■ **Exercise directions**
What you return must be exactly the lines from the one containing "0 ++ enc_nat i" through the close of the listing, both included.

═════ Data supplied ═════

(* Let $\mathcal C$ be the class of ultimately periodic traces or the class of ultimately constant traces. Then countable satisfiability, $\mathcal C$-restricted satisfiability and $\mathcal C$-restricted finite satisfiability of $\mathrm{LTL}(\sim)$ are logspace-reducible to $\mathbf{\Delta^2_0}$.
   Context: Let $\mathrm{AP}$ be a countably infinite set of atomic propositions. A trace is an infinite sequence $t=t(0)t(1)\cdots\in(\wp\mathrm{AP})^\omega$, and $t^i=t(i)t(i+1)\cdots$. A team is a (possibly empty) set $T$ of traces, and $T^i=\{t^i: t\in T\}$. Formulas of $\mathrm{LTL}(\sim)$ are given by $\varphi::=p\mid\neg\varphi\mid\varphi\wedge\varphi\mid\varphi\vee\varphi\mid\mathsf X\varphi\mid\mathsf F\varphi\mid\mathsf G\varphi\mid\varphi\,\mathsf U\,\varphi\mid\varphi\,\mathsf R\,\varphi\mid{\sim}\varphi$ with $p\in\mathrm{AP}$. Synchronous team semantics: $T\models p$ iff $p\in t(0)$ for all $t\in T$; $T\models\neg\varphi$ iff $\{t\}\not\models\varphi$ for all $t\in T$; $T\models\varphi\wedge\psi$ iff $T\models\varphi$ and $T\models\psi$; $T\models\varphi\vee\psi$ iff $T=S\cup U$ for some $S,U$ with $S\models\varphi$ and $U\models\psi$; $T\models\mathsf X\varphi$ iff $T^1\models\varphi$; $T\models\mathsf F\varphi$ iff $T^k\models\varphi$ for some $k\ge0$; $T\models\mathsf G\varphi$ iff $T^k\models\varphi$ for all $k\ge0$; $T\models\varphi\,\mathsf U\,\psi$ iff there is $k\ge0$ with $T^k\models\psi$ and $T^j\models\varphi$ for all $j<k$; $T\models\varphi\,\mathsf R\,\psi$ iff for all $k\ge0$, $T^k\models\psi$ or $T^j\models\varphi$ for some $j<k$; $T\models{\sim}\varphi$ iff $T\not\models\varphi$. A finite Kripke structure is $K=(W,R,\eta,r)$ with $W$ finite nonempty, $R\subseteq W\times W$ serial, $\eta:W\to\wp\mathrm{AP}$ with finite labels, and root $r\in W$; a path is $\pi\in W^\omega$ with $\pi(0)=r$ and $(\pi(i),\pi(i+1))\in R$; it induces the trace $(\eta(\pi(i)))_{i\ge0}$; $T(K)$ is the team of all induced traces. A trace $t$ is ultimately periodic if there are $c,d>0$ with $t(n)=t(n+d)$ for all $n\ge c$, and ultimately constant if some suffix $t^i$ is constant. Countable satisfiability: formulas satisfied by some countable team. For a class $\mathcal C$ of traces, $\mathcal C$-restricted satisfiability is the set of $\varphi$ such that $T\cap\mathcal C\models\varphi$ for some team $T$; $\mathcal C$-restricted finite satisfiability is the set of $\varphi$ such that $T(K)\cap\mathcal C\models\varphi$ for some finite Kripke structure $K$. $\mathbf{\Delta^2_0}$ denotes the set of closed formulas of second-order arithmetic (vocabulary $+,\times,0,1,=,\le$; first-order variables over $\mathbb N$, second-order variables of arity $n$ over subsets of $\mathbb N^n$) true in the standard model $\mathbb N$. *)

From Stdlib Require Import Arith List PArith Bool.
Import ListNotations.

Definition trace := nat -> nat -> bool.   (* t i p = true  <->  p \in t(i) *)
Definition team := trace -> Prop.

Definition suffix (t : trace) (k : nat) : trace := fun n => t (k + n).
Definition team_shift (T : team) (k : nat) : team :=
  fun s => exists t, T t /\ s = suffix t k.
Definition singleton (t : trace) : team := fun s => s = t.

Inductive ltl : Type :=
| LAtom : nat -> ltl
| LNeg : ltl -> ltl
| LAnd : ltl -> ltl -> ltl
| LOr : ltl -> ltl -> ltl
| LX : ltl -> ltl
| LF : ltl -> ltl
| LG : ltl -> ltl
| LU : ltl -> ltl -> ltl
| LR : ltl -> ltl -> ltl
| LTilde : ltl -> ltl.

Fixpoint tsat (phi : ltl) (T : team) {struct phi} : Prop :=
  match phi with
  | LAtom p => forall t, T t -> t 0 p = true
  | LNeg f => forall t, T t -> ~ tsat f (singleton t)
  | LAnd f g => tsat f T /\ tsat g T
  | LOr f g => exists S U : team, (forall t, T t <-> S t \/ U t) /\ tsat f S /\ tsat g U
  | LX f => tsat f (team_shift T 1)
  | LF f => exists k, tsat f (team_shift T k)
  | LG f => forall k, tsat f (team_shift T k)
  | LU f g => exists k, tsat g (team_shift T k) /\ forall j, j < k -> tsat f (team_shift T j)
  | LR f g => forall k, tsat g (team_shift T k) \/ exists j, j < k /\ tsat f (team_shift T j)
  | LTilde f => ~ tsat f T
  end.

Record kripke := mkKripke {
  kW : nat;
  kR : nat -> nat -> bool;
  keta : nat -> nat -> bool;     (* labelling: keta w p = true <-> p \in eta(w) *)
  kroot : nat }.

Definition wf_kripke (K : kripke) : Prop :=
  0 < kW K /\ kroot K < kW K /\
  (forall w, w < kW K -> exists v, v < kW K /\ kR K w v = true) /\
  (exists B, forall w p, w < kW K -> keta K w p = true -> p < B).

Definition kpath (K : kripke) (pi : nat -> nat) : Prop :=
  pi 0 = kroot K /\ forall i, pi i < kW K /\ kR K (pi i) (pi (S i)) = true.

Definition teamK (K : kripke) : team :=
  fun t => exists pi, kpath K pi /\ t = (fun i => keta K (pi i)).

Definition ult_periodic (t : trace) : Prop :=
  exists c d, 0 < c /\ 0 < d /\ forall n, c <= n -> t n = t (n + d).

Definition ult_constant (t : trace) : Prop :=
  exists i, forall n, t (i + n) = t i.

Definition countable_team (T : team) : Prop :=
  exists f : nat -> trace, forall t, T t -> exists n, f n = t.

Definition CountSat (phi : ltl) : Prop :=
  exists T, countable_team T /\ tsat phi T.

Definition CSat (C : trace -> Prop) (phi : ltl) : Prop :=
  exists T : team, tsat phi (fun t => T t /\ C t).

Definition CFinSat (C : trace -> Prop) (phi : ltl) : Prop :=
  exists K, wf_kripke K /\ tsat phi (fun t => teamK K t /\ C t).

Inductive term : Type :=
| TVar : nat -> term
| TZero : term
| TOne : term
| TAdd : term -> term -> term
| TMul : term -> term -> term.

(* second-order variable = (name j, arity n) *)
Inductive sform : Type :=
| SEq : term -> term -> sform
| SLe : term -> term -> sform
| SMem : nat -> nat -> list term -> sform
| SNeg : sform -> sform
| SAnd : sform -> sform -> sform
| SOr : sform -> sform -> sform
| SEx1 : nat -> sform -> sform
| SAll1 : nat -> sform -> sform
| SEx2 : nat -> nat -> sform -> sform
| SAll2 : nat -> nat -> sform -> sform.

Fixpoint teval (e : nat -> nat) (t : term) : nat :=
  match t with
  | TVar i => e i
  | TZero => 0
  | TOne => 1
  | TAdd a b => teval e a + teval e b
  | TMul a b => teval e a * teval e b
  end.

Definition upd1 (e : nat -> nat) (i v : nat) : nat -> nat :=
  fun i' => if Nat.eqb i' i then v else e i'.
Definition upd2 (e : nat -> nat -> list nat -> Prop) (j n : nat) (X : list nat -> Prop)
  : nat -> nat -> list nat -> Prop :=
  fun j' n' => if Nat.eqb j' j && Nat.eqb n' n then X else e j' n'.

(* second-order variables of arity n range over all subsets of N^n, represented as
   predicates on lists (only lists of length n are ever queried in closed formulas) *)
Fixpoint sholds (e1 : nat -> nat) (e2 : nat -> nat -> list nat -> Prop) (f : sform)
  {struct f} : Prop :=
  match f with
  | SEq a b => teval e1 a = teval e1 b
  | SLe a b => teval e1 a <= teval e1 b
  | SMem j n ts => e2 j n (map (teval e1) ts)
  | SNeg g => ~ sholds e1 e2 g
  | SAnd g h => sholds e1 e2 g /\ sholds e1 e2 h
  | SOr g h => sholds e1 e2 g \/ sholds e1 e2 h
  | SEx1 i g => exists v, sholds (upd1 e1 i v) e2 g
  | SAll1 i g => forall v, sholds (upd1 e1 i v) e2 g
  | SEx2 j n g => exists X, sholds e1 (upd2 e2 j n X) g
  | SAll2 j n g => forall X, sholds e1 (upd2 e2 j n X) g
  end.

Fixpoint term_closed (B : list nat) (t : term) : Prop :=
  match t with
  | TVar i => In i B
  | TZero | TOne => True
  | TAdd a b | TMul a b => term_closed B a /\ term_closed B b
  end.

(* syntactic closedness (plus arity well-formedness of atoms) *)
Fixpoint sclosed (B1 : list nat) (B2 : list (nat * nat)) (f : sform) : Prop :=
  match f with
  | SEq a b | SLe a b => term_closed B1 a /\ term_closed B1 b
  | SMem j n ts => In (j, n) B2 /\ length ts = n /\ Forall (term_closed B1) ts
  | SNeg g => sclosed B1 B2 g
  | SAnd g h | SOr g h => sclosed B1 B2 g /\ sclosed B1 B2 h
  | SEx1 i g | SAll1 i g => sclosed (i :: B1) B2 g
  | SEx2 j n g | SAll2 j n g => sclosed B1 ((j, n) :: B2) g
  end.

Definition Delta20 (f : sform) : Prop :=
  sclosed [] [] f /\ sholds (fun _ => 0) (fun _ _ _ => False) f.

Fixpoint enc_pos (p : positive) : list bool :=
  match p with
  | xH => []
  | xO q => [true; false] ++ enc_pos q
  | xI q => [true; true] ++ enc_pos q
  end.

(* numbers in binary (LSB first, bits doubled), self-delimiting *)
Definition enc_nat (n : nat) : list bool :=
  match n with
  | O => [false; true]
  | S _ => enc_pos (Pos.of_nat n) ++ [false; false]
  end.

Definition tag (k : nat) : list bool :=
  [Nat.testbit k 0; Nat.testbit k 1; Nat.testbit k 2; Nat.testbit k 3].

Fixpoint enc_ltl (f : ltl) : list bool :=
  match f with
  | LAtom p => tag 0 ++ enc_nat p
  | LNeg g => tag 1 ++ enc_ltl g
  | LAnd g h => tag 2 ++ enc_ltl g ++ enc_ltl h
  | LOr g h => tag 3 ++ enc_ltl g ++ enc_ltl h
  | LX g => tag 4 ++ enc_ltl g
  | LF g => tag 5 ++ enc_ltl g
  | LG g => tag 6 ++ enc_ltl g
  | LU g h => tag 7 ++ enc_ltl g ++ enc_ltl h
  | LR g h => tag 8 ++ enc_ltl g ++ enc_ltl h
  | LTilde g => tag 9 ++ enc_ltl g
  end.

Fixpoint enc_term (t : term) : list bool :=
  match t with
  | TVar i => tag 0 ++ enc_nat i
  | TZero => tag 1
  | TOne => tag 2
  | TAdd a b => tag 3 ++ enc_term a ++ enc_term b
  | TMul a b => tag 4 ++ enc_term a ++ enc_term b
  end.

═════

■ **Task answer**
  | TVar i => tag 0 ++ enc_nat i
  | TZero => tag 1
  | TOne => tag 2
  | TAdd a b => tag 3 ++ enc_term a ++ enc_term b
  | TMul a b => tag 4 ++ enc_term a ++ enc_term b
  end.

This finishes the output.